→ **WHAT THE TASK REQUIRES**
Within the records below is a range that opens at the line with "-1 <= u0 <= 1 -> Rmin" and closes at the line with "all_order all_algebra all_field.". Return that range word for word, both ends included, and only that range.

→ **DATA EXCERPTS**
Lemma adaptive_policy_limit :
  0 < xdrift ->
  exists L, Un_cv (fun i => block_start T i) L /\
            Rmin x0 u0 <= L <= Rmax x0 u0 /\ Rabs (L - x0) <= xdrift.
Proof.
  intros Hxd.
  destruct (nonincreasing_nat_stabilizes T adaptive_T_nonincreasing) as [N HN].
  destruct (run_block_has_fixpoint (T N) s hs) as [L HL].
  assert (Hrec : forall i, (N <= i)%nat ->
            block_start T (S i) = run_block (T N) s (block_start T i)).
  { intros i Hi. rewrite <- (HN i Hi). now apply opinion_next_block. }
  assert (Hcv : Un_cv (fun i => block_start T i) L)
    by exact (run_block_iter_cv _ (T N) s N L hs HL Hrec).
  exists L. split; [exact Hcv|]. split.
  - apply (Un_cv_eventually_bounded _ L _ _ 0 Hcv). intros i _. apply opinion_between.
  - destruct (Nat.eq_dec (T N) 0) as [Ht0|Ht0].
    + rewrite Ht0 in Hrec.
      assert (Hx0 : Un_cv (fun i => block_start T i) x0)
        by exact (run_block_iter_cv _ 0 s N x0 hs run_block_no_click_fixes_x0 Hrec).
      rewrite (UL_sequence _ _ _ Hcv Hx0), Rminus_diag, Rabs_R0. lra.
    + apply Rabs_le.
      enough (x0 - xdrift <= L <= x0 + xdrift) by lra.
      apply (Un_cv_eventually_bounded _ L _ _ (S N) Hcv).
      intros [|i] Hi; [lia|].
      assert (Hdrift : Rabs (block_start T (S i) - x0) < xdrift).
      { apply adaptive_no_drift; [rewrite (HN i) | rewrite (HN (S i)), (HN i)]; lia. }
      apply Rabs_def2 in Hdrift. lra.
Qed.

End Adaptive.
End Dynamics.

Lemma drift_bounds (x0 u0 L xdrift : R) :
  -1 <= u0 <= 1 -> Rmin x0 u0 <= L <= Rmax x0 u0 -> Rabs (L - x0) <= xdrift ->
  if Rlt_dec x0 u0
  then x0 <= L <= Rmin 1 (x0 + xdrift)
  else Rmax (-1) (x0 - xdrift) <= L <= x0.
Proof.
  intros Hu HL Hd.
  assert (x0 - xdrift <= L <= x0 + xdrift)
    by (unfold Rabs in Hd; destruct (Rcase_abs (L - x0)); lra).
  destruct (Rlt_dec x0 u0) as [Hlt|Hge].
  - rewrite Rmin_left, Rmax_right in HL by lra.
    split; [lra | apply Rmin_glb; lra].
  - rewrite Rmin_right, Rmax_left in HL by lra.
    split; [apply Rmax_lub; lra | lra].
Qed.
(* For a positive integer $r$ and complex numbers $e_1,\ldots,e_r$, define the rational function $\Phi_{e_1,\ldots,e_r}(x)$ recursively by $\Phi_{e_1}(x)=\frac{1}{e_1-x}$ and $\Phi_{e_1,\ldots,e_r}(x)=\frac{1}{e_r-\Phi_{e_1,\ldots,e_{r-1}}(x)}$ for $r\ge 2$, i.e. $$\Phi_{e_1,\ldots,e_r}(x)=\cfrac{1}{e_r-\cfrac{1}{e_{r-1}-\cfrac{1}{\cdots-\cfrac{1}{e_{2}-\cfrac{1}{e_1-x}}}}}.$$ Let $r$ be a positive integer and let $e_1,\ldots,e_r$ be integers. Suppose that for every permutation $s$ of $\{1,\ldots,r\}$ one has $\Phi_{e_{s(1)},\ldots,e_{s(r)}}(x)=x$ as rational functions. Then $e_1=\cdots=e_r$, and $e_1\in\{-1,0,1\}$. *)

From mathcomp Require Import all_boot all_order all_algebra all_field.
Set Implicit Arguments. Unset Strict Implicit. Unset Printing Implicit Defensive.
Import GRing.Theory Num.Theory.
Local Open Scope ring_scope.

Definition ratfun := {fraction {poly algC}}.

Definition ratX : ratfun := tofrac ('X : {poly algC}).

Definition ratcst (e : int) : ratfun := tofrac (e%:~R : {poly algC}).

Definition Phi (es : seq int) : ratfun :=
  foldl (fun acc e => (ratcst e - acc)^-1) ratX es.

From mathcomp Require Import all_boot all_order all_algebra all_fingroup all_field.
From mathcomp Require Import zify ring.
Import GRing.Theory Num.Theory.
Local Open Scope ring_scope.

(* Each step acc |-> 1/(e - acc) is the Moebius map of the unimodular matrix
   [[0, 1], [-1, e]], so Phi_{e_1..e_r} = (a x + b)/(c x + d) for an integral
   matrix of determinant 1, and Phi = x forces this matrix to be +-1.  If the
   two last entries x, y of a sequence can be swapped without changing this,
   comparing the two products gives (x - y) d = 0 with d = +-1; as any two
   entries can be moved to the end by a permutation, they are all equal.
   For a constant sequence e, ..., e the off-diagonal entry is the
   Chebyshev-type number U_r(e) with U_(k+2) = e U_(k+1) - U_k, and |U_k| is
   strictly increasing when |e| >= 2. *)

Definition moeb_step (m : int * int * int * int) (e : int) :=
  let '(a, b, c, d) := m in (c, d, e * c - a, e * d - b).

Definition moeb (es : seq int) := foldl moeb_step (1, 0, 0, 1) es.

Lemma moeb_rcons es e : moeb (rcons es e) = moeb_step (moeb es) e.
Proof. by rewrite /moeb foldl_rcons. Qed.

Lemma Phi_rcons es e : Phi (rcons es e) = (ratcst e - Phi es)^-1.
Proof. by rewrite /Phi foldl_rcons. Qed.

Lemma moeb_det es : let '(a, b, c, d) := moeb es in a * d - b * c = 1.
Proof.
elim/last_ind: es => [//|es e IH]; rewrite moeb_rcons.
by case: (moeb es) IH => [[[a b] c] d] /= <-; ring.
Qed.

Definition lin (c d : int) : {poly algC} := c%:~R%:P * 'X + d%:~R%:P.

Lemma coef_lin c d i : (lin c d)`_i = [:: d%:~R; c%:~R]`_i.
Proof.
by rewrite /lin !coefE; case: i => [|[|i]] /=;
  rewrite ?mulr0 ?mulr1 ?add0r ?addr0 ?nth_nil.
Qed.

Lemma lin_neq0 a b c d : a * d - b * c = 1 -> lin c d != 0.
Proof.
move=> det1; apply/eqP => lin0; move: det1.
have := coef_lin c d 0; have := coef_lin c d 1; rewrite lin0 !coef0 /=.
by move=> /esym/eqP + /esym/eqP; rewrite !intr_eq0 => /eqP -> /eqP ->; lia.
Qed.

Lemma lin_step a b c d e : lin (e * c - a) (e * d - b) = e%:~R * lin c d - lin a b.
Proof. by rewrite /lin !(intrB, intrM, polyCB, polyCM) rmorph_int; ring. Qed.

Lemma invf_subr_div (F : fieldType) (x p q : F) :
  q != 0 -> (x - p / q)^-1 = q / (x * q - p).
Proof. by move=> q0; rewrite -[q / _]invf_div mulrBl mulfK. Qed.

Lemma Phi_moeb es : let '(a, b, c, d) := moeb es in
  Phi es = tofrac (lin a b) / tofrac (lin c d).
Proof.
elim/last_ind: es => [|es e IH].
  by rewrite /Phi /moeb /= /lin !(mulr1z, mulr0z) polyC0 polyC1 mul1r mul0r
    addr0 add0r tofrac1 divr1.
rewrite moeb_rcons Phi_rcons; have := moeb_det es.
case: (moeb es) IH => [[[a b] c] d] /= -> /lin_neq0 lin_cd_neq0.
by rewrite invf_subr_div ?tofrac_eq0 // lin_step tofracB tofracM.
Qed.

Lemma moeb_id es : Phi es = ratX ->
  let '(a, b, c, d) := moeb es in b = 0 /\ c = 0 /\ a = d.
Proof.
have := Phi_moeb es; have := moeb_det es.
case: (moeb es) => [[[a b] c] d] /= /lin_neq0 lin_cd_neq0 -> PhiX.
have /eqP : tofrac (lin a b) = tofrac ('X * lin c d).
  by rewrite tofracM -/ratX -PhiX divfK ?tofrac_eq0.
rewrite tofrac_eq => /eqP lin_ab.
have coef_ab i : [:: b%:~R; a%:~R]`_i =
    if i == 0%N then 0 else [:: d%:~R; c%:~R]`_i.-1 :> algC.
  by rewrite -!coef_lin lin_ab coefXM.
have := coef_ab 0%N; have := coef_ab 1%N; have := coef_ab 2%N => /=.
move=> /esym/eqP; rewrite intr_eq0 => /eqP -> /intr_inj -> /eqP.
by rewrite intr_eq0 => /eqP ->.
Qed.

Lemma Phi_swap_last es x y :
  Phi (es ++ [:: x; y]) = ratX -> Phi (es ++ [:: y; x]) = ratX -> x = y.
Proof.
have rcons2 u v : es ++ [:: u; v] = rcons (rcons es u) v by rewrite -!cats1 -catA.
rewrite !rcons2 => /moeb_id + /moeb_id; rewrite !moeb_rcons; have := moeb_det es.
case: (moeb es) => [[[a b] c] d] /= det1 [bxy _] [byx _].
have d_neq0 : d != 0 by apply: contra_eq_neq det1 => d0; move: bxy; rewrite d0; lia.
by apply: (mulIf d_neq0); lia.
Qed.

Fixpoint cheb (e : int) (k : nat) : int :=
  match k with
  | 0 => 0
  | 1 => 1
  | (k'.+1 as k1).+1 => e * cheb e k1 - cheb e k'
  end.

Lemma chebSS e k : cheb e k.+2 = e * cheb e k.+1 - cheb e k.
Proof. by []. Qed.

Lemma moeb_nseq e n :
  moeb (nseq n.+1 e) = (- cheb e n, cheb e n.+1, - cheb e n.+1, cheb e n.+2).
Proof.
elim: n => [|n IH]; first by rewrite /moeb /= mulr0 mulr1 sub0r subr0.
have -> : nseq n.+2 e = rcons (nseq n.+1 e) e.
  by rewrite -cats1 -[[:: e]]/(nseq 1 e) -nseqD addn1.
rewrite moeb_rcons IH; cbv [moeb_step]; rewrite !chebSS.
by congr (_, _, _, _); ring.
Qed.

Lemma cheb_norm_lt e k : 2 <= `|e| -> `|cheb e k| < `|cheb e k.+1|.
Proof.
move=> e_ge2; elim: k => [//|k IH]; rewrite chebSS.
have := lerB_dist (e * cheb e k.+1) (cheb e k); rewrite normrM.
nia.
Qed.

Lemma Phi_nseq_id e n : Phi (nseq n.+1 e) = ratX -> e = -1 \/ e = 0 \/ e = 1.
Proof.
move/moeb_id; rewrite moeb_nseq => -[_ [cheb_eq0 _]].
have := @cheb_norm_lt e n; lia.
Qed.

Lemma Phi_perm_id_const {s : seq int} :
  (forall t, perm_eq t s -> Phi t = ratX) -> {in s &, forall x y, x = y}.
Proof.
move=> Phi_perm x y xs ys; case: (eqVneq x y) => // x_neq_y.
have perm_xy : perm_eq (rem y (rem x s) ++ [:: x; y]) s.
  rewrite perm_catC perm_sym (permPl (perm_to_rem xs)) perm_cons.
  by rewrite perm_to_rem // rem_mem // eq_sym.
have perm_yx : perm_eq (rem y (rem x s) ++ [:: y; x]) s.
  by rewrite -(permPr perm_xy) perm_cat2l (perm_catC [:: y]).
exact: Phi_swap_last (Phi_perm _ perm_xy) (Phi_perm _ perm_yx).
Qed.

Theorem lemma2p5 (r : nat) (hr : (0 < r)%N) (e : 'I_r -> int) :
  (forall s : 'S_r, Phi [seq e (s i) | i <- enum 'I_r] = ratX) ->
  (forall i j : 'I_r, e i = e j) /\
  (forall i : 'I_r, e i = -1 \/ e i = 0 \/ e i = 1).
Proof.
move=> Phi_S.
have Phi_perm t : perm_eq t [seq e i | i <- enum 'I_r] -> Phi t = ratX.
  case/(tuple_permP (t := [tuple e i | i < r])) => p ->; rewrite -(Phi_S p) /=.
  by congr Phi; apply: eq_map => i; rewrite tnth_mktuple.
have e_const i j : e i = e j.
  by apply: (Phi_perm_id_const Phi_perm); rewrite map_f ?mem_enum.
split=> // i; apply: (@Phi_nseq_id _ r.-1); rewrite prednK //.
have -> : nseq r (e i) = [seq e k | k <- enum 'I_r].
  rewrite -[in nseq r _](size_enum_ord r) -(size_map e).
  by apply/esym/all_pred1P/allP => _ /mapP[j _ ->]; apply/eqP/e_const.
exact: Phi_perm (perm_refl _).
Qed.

→ **FINISHED TASK**
  -1 <= u0 <= 1 -> Rmin x0 u0 <= L <= Rmax x0 u0 -> Rabs (L - x0) <= xdrift ->
  if Rlt_dec x0 u0
  then x0 <= L <= Rmin 1 (x0 + xdrift)
  else Rmax (-1) (x0 - xdrift) <= L <= x0.
Proof.
  intros Hu HL Hd.
  assert (x0 - xdrift <= L <= x0 + xdrift)
    by (unfold Rabs in Hd; destruct (Rcase_abs (L - x0)); lra).
  destruct (Rlt_dec x0 u0) as [Hlt|Hge].
  - rewrite Rmin_left, Rmax_right in HL by lra.
    split; [lra | apply Rmin_glb; lra].
  - rewrite Rmin_right, Rmax_left in HL by lra.
    split; [apply Rmax_lub; lra | lra].
Qed.
(* For a positive integer $r$ and complex numbers $e_1,\ldots,e_r$, define the rational function $\Phi_{e_1,\ldots,e_r}(x)$ recursively by $\Phi_{e_1}(x)=\frac{1}{e_1-x}$ and $\Phi_{e_1,\ldots,e_r}(x)=\frac{1}{e_r-\Phi_{e_1,\ldots,e_{r-1}}(x)}$ for $r\ge 2$, i.e. $$\Phi_{e_1,\ldots,e_r}(x)=\cfrac{1}{e_r-\cfrac{1}{e_{r-1}-\cfrac{1}{\cdots-\cfrac{1}{e_{2}-\cfrac{1}{e_1-x}}}}}.$$ Let $r$ be a positive integer and let $e_1,\ldots,e_r$ be integers. Suppose that for every permutation $s$ of $\{1,\ldots,r\}$ one has $\Phi_{e_{s(1)},\ldots,e_{s(r)}}(x)=x$ as rational functions. Then $e_1=\cdots=e_r$, and $e_1\in\{-1,0,1\}$. *)

From mathcomp Require Import all_boot all_order all_algebra all_field.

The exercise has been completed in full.